Prove the following identity:
$$F_{2n+1}=3F_{2n-1}-F_{2n-3}$$
So far I know that $F_n=F_{n-1}-F_{n-2}\implies F_{2n+1}=F_{2n}+F_{2n-1}$
Just not sure where to go from here to get to the conclusion.

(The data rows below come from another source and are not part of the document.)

Lemma is_derive_f (x : R) : is_derive x 1 f (derive1 f x).
Proof. by rewrite derive1E; apply/derivableP/derivable_f. Qed.

Lemma continuous_f : continuous f.
Proof. by move=> x; apply: is_derive_continuous (is_derive_f x). Qed.

Lemma f_MVT {u v : R} : u < v -> exists2 c, u < c < v & f v - f u = derive1 f c * (v - u).
Proof.
move=> uv; have [c cI e] := MVT uv (fun x _ => is_derive_f x) (continuous_subspaceT continuous_f).
by exists c => //; move: cI; rewrite in_itv.
Qed.

Lemma f_id {s : R} : a <= s -> f s = s.
Proof.
move=> as_; have s0 : 0 <= s by lra_a.
by case: fCa => _ _ /(_ s) + _; rewrite ger0_norm //; apply.
Qed.

Lemma f_opp {s : R} : s <= - a -> f s = - s.
Proof.
move=> sa; have s0 : s <= 0 by lra_a.
by case: fCa => _ _ /(_ s) + _; rewrite ler0_norm //; apply; rewrite lerNr.
Qed.

Lemma f_below_chord {u v w : R} : -a <= u -> u < v -> v < w -> w <= a ->
  f v * (w - u) < f u * (w - v) + f w * (v - u).
Proof.
move=> au uv vw wa; have wu : 0 < w - u by lra.
pose t := (w - v) / (w - u).
have t01 : 0 < t < 1.
  apply/andP; split; first by rewrite divr_gt0 // subr_gt0.
  by rewrite ltr_pdivrMr // mul1r; lra.
case: fCa => _ _ _ /(_ u w t au wa (lt_trans uv vw) t01).
have -> : t * u + (1 - t) * w = v by rewrite /t; field; lra.
have -> : 1 - t = (v - u) / (w - u) by rewrite /t; field; lra.
have -> : f u * (w - v) + f w * (v - u) = (t * f u + (v - u) / (w - u) * f w) * (w - u).
  by rewrite /t; field; lra.
by rewrite ltr_pM2r.
Qed.

Lemma derive1_f_cvg (x : R) :
  (fun h => h^-1 * (f (h + x) - f x)) @ 0^' --> derive1 f x.
Proof.
have := derivable_f x; rewrite /derivable derive1E /derive.
suff -> : (fun h => h^-1 *: ((f \o shift x) (h *: (1 : R)) - f x)) =
  (fun h => h^-1 * (f (h + x) - f x)) by [].
by apply/funext => h /=; rewrite [h *: 1]mulr1.
Qed.

Lemma derive1_f_le_slope {x m : R} : -a <= x -> x < m -> m <= a ->
  derive1 f x <= (f m - f x) / (m - x).
Proof.
move=> ax xm ma; have H := cvg_dnbhs_at_right (derive1_f_cvg x).
rewrite -(cvg_lim (@Rhausdorff R) H); apply: limr_le; first exact: cvgP H.
near=> h.
have h0 : 0 < h by near: h; exact: nbhs_right_gt.
have hm : h < m - x by near: h; apply: nbhs_right_lt; rewrite subr_gt0.
have := @f_below_chord x (h + x) m ax ltac:(lra) ltac:(lra) ma.
by move=> chord; rewrite mulrC; apply: ler_pdiv_cross; nra.
Unshelve. all: by end_near.
Qed.

Lemma slope_le_derive1_f {m y : R} : -a <= m -> m < y -> y <= a ->
  (f y - f m) / (y - m) <= derive1 f y.
Proof.
move=> am my ya; have H := cvg_dnbhs_at_left (derive1_f_cvg y).
rewrite -(cvg_lim (@Rhausdorff R) H); apply: limr_ge; first exact: cvgP H.
near=> h.
have h0 : h < 0 by near: h; exact: nbhs_left_lt.
have hm : m - y < h by near: h; apply: nbhs_left_gt; rewrite subr_lt0.
have := @f_below_chord m (h + y) y am ltac:(lra) ltac:(lra) ya.
have -> : h^-1 * (f (h + y) - f y) = (f y - f (h + y)) / (- h).
  by rewrite invrN mulrN -mulNr opprB mulrC.
by move=> chord; apply: ler_pdiv_cross; nra.
Unshelve. all: by end_near.
Qed.

(* Compare both derivatives with the slopes of the two halves of [[x, y]]. *)
Lemma derive1_f_lt {x y : R} : -a <= x -> x < y -> y <= a -> derive1 f x < derive1 f y.
Proof.
move=> ax xy ya; pose m := (x + y) / 2.
have xm : x < m by rewrite /m; lra.
have my : m < y by rewrite /m; lra.
have ma : m <= a by lra.
have am : -a <= m by lra.
apply: le_lt_trans (derive1_f_le_slope ax xm ma) _.
apply: lt_le_trans (slope_le_derive1_f am my ya).
have := f_below_chord ax xm my ya.
have -> : y - m = m - x by rewrite /m; field.
have -> : y - x = (m - x) * 2 by rewrite /m; field.
move=> chord; apply: ltr_pdiv_cross; rewrite ?subr_gt0 // ltr_pM2r ?subr_gt0 //.
nra.
Qed.

Lemma derive1_f_id {s : R} : a <= s -> derive1 f s = 1.
Proof.
move=> as_; rewrite -(cvg_lim (@Rhausdorff R) (cvg_dnbhs_at_right (derive1_f_cvg s))).
apply: (lim_near_cst (@Rhausdorff R)); near=> h.
have h0 : 0 < h by near: h; exact: nbhs_right_gt.
by rewrite !f_id ?addrK ?mulVf ?gt_eqF //; lra.
Unshelve. all: by end_near.
Qed.

Lemma derive1_f_opp {s : R} : s <= -a -> derive1 f s = -1.
Proof.
move=> sa; rewrite -(cvg_lim (@Rhausdorff R) (cvg_dnbhs_at_left (derive1_f_cvg s))).
apply: (lim_near_cst (@Rhausdorff R)); near=> h.
have h0 : h < 0 by near: h; exact: nbhs_left_lt.
rewrite !f_opp; try lra.
by rewrite opprD opprK addrNK mulrN mulVf // lt_eqF.
Unshelve. all: by end_near.
Qed.

Lemma derive1_f_le1 (c : R) : derive1 f c <= 1.
Proof.
have [ac|ca] := lerP a c; first by rewrite derive1_f_id.
have [cNa|Nac] := lerP c (-a); first by rewrite derive1_f_opp //; lra.
by rewrite -(derive1_f_id (lexx a)); apply/ltW/derive1_f_lt; lra.
Qed.

Lemma derive1_f_geN1 (c : R) : -1 <= derive1 f c.
Proof.
have [cNa|Nac] := lerP c (-a); first by rewrite derive1_f_opp.
have [ac|ca] := lerP a c; first by rewrite derive1_f_id //; lra.
by rewrite -(derive1_f_opp (lexx (-a))); apply/ltW/derive1_f_lt; lra.
Qed.

Lemma f_ge (s : R) : s <= f s.
Proof.
have [as_|sa] := lerP a s; first by rewrite f_id.
have [c /andP[sc ca] e] := f_MVT sa.
have := derive1_f_le1 c; rewrite f_id // in e; nra.
Qed.

Lemma f_geN (s : R) : - s <= f s.
Proof.
have [sa|as_] := lerP s (-a); first by rewrite f_opp.
have [c /andP[sc ca] e] := f_MVT as_.
have := derive1_f_geN1 c; rewrite (f_opp (lexx _)) in e; nra.
Qed.

Lemma f_ge_abs (s : R) : `|s| <= f s.
Proof.
by have [s0|s0] := lerP 0 s; [rewrite ger0_norm ?f_ge | rewrite ltr0_norm ?f_geN].
Qed.

Lemma f0_gt0 : 0 < f 0.
Proof.
have [c /andP[c0 ca] e] := f_MVT a_gt0.
have : derive1 f c < 1 by rewrite -(derive1_f_id (lexx a)); apply: derive1_f_lt; lra.
rewrite f_id // in e; nra.
Qed.

Section Alpha.
Variable al : R.
Hypotheses (al_ge0 : 0 <= al) (al_lt1 : al < 1).

Local Ltac lra_al := have := a_gt0; have := al_ge0; have := al_lt1; lra.
Local Ltac nra_al := have := a_gt0; have := al_ge0; have := al_lt1; nra.

Local Notation xp := (xplus a f al).
Local Notation F := (Fal f al).
Local Notation F' x := (derive1 f x - al).

Lemma xplus_spec : (-a <= xp <= a) /\ derive1 f xp = al.
Proof.
apply: (xgetPex 0 (P := [set x | -a <= x <= a /\ derive1 f x = al])).
have Naa : -a <= a by lra_a.
have f'_cont : continuous (derive1 f) by case: fCa => [[_ +] _ _ _].
have mm : Num.min (derive1 f (-a)) (derive1 f a) <= al <= Num.max (derive1 f (-a)) (derive1 f a).
  by rewrite derive1_f_opp // derive1_f_id // ge_min le_max; apply/andP; split;
    apply/orP; [left|right]; lra_al.
have [c cI e] := IVT Naa (continuous_subspaceT f'_cont) mm.
by exists c; split => //; move: cI; rewrite in_itv.
Qed.

Lemma xplus_itv : -a <= xp <= a.
Proof. by case: xplus_spec. Qed.

Lemma derive1_f_lt_al {c : R} : c < xp -> derive1 f c < al.
Proof.
move=> cx; have [/andP[ax xa] e] := xplus_spec.
have [cNa|Nac] := lerP c (-a); first by rewrite derive1_f_opp //; lra_al.
by rewrite -e; apply: derive1_f_lt; lra.
Qed.

Lemma derive1_f_gt_al {c : R} : xp < c -> al < derive1 f c.
Proof.
move=> xc; have [/andP[ax xa] e] := xplus_spec.
have [ac|ca] := lerP a c; first by rewrite derive1_f_id //; lra_al.
by rewrite -e; apply: derive1_f_lt; lra.
Qed.

Lemma is_derive_F (x : R) : is_derive x 1 F (F' x).
Proof.
have := is_deriveB (is_derive_f x) (is_deriveZ al (is_derive_id x 1)).
by rewrite [al *: 1]mulr1.
Qed.

Lemma continuous_F : continuous F.
Proof. by move=> x; apply: is_derive_continuous (is_derive_F x). Qed.

Lemma F_MVT {u v : R} : u < v -> exists2 c, u < c < v & F v - F u = F' c * (v - u).
Proof.
move=> uv; have [c cI e] := f_MVT uv; exists c => //.
by rewrite /Fal mulrBl -e; ring.
Qed.

Lemma F_decreasing {u v : R} : u < v -> v <= xp -> F v < F u.
Proof.
move=> uv vx; have [c /andP[uc cv] e] := F_MVT uv.
have := derive1_f_lt_al (lt_le_trans cv vx); nra.
Qed.

Lemma F_increasing {u v : R} : xp <= u -> u < v -> F u < F v.
Proof.
move=> xu uv; have [c /andP[uc cv] e] := F_MVT uv.
have := derive1_f_gt_al (le_lt_trans xu uc); nra.
Qed.

Lemma F_increment_bounds {u v : R} : u <= v ->
  - ((1 + al) * (v - u)) <= F v - F u <= (1 - al) * (v - u).
Proof.
rewrite le_eqVlt => /predU1P[->|uv]; first by rewrite !subrr !mulr0 oppr0 lexx.
have [c /andP[uc cv] e] := F_MVT uv.
have := derive1_f_le1 c; have := derive1_f_geN1 c; rewrite e; nra.
Qed.

Lemma F_nondecreasing {u v : R} : xp <= u -> u <= v -> F u <= F v.
Proof. by move=> xu; rewrite le_eqVlt => /predU1P[->//|/(F_increasing xu)/ltW]. Qed.

Lemma F_gt0 (s : R) : 0 < F s.
Proof.
rewrite /Fal; have := f_ge_abs s; have [s_lt0|s_gt0|->] := ltrgtP s 0.
- by rewrite ltr0_norm //; nra_al.
- by rewrite gtr0_norm //; nra_al.
- by rewrite mulr0 subr0 => _; exact: f0_gt0.
Qed.

Lemma F_id {s : R} : a <= s -> F s = (1 - al) * s.
Proof. by move=> as_; rewrite /Fal f_id //; ring. Qed.

Lemma F_opp {s : R} : s <= -a -> F s = - (1 + al) * s.
Proof. by move=> sa; rewrite /Fal f_opp //; ring. Qed.

Lemma F_ge_xplus (s : R) : F xp <= F s.
Proof.
by have [sx|xs|->] := ltrgtP s xp; [apply/ltW/F_decreasing | apply/ltW/F_increasing |].
Qed.

Lemma F_inj_ge {u v : R} : xp <= u -> xp <= v -> F u = F v -> u = v.
Proof.
move=> xu xv e; have [uv|vu|//] := ltrgtP u v.
- by have := F_increasing xu uv; rewrite e ltxx.
- by have := F_increasing xv vu; rewrite e ltxx.
Qed.

Lemma Finv_spec {y : R} : F xp <= y ->
  xp <= Finv a f al y /\ F (Finv a f al y) = y.
Proof.
move=> Fxy; apply: (xgetPex 0 (P := [set x | xp <= x /\ F x = y])).
have y_gt0 : 0 < y := lt_le_trans (F_gt0 _) Fxy.
have [ax xa] := andP xplus_itv.
pose B := a + y / (1 - al).
have yal_gt0 : 0 < y / (1 - al) by apply: divr_gt0; lra_al.
have xB : xp <= B by rewrite /B; lra.
have FB : F B = (1 - al) * a + y by rewrite F_id /B; [field | ]; lra_al.
have mm : Num.min (F xp) (F B) <= y <= Num.max (F xp) (F B).
  by rewrite ge_min le_max Fxy FB /=; apply/orP; right; nra_al.
have [c /[!in_itv] /= /andP[xc _] Fc] := IVT xB (continuous_subspaceT continuous_F) mm.
by exists c.
Qed.

Lemma FinvK {u : R} : xp <= u -> Finv a f al (F u) = u.
Proof. by move=> xu; have [? ?] := Finv_spec (F_ge_xplus u); apply: F_inj_ge. Qed.

Local Notation ph := (phi a f al).

Lemma phi_spec (x : R) : xp <= ph x /\ F (ph x) = F x.
Proof. exact: Finv_spec (F_ge_xplus x). Qed.

Lemma phi_gt_xplus {x : R} : x < xp -> xp < ph x.
Proof.
move=> xx; have [px Fpx] := phi_spec x; rewrite lt_neqAle px andbT.
by apply/eqP => e; have := F_decreasing xx (lexx _); rewrite -Fpx -e ltxx.
Qed.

Note: $F_i$ is the $i^{\textrm{th}}$ term of the Fibonacci sequence with $F_0=0, F_1=F_2=1$.
On
Using the recurrence $F_{k+1} = F_k + F_{k-1}$ twice we find
\begin{align}F_{2n+1} &= F_{2n} + F_{2n-1} \\ &\underset{(1)}{=} F_{2n-1} + F_{2n-2} + F_{2n-1}\\ &= 2F_{2n-1} + F_{2n-2}\\ &\underset{(2)}{=} 2F_{2n-1} + F_{2n-1} - F_{2n-3}\\ &= 3F_{2n-1} - F_{2n-3}. \end{align}
The recurrence was used in $(1)$ and $(2)$.
Given that the sequence $\{F_n\}_{n\in\mathbb{N}}$ has a characteristic polynomial $p(x)=x^2-x-1$ with roots $\phi,\bar{\phi}$, then both the sequences $\{F_{2n}\}_{n\in\mathbb{N}}$ and $\{F_{2n+1}\}_{n\in\mathbb{N}}$ have a characteristic polynomial with roots $\phi^2=1+\phi,\bar{\phi}^2=1+\bar\phi$, hence the characteristic polynomial of $\{F_{2n+1}\}_{n\in\mathbb{N}}$ is $p(x-1)=x^2-3x+1$ from which it follows that:
$$ F_{2n+5} = 3 F_{2n+3}-F_{2n+1}. \tag{1}$$ It is sufficient to check that $(1)$ holds for $n=0,1$ in order that it holds for every $n$ by induction.
If you're still unsatisfied, notice that $(1)$ is equivalent to: $$ F_{2n+4} = 2 F_{2n+3}-F_{2n+1} = F_{2n+3} + F_{2n+2} \tag{2}$$ that is pretty straightforward.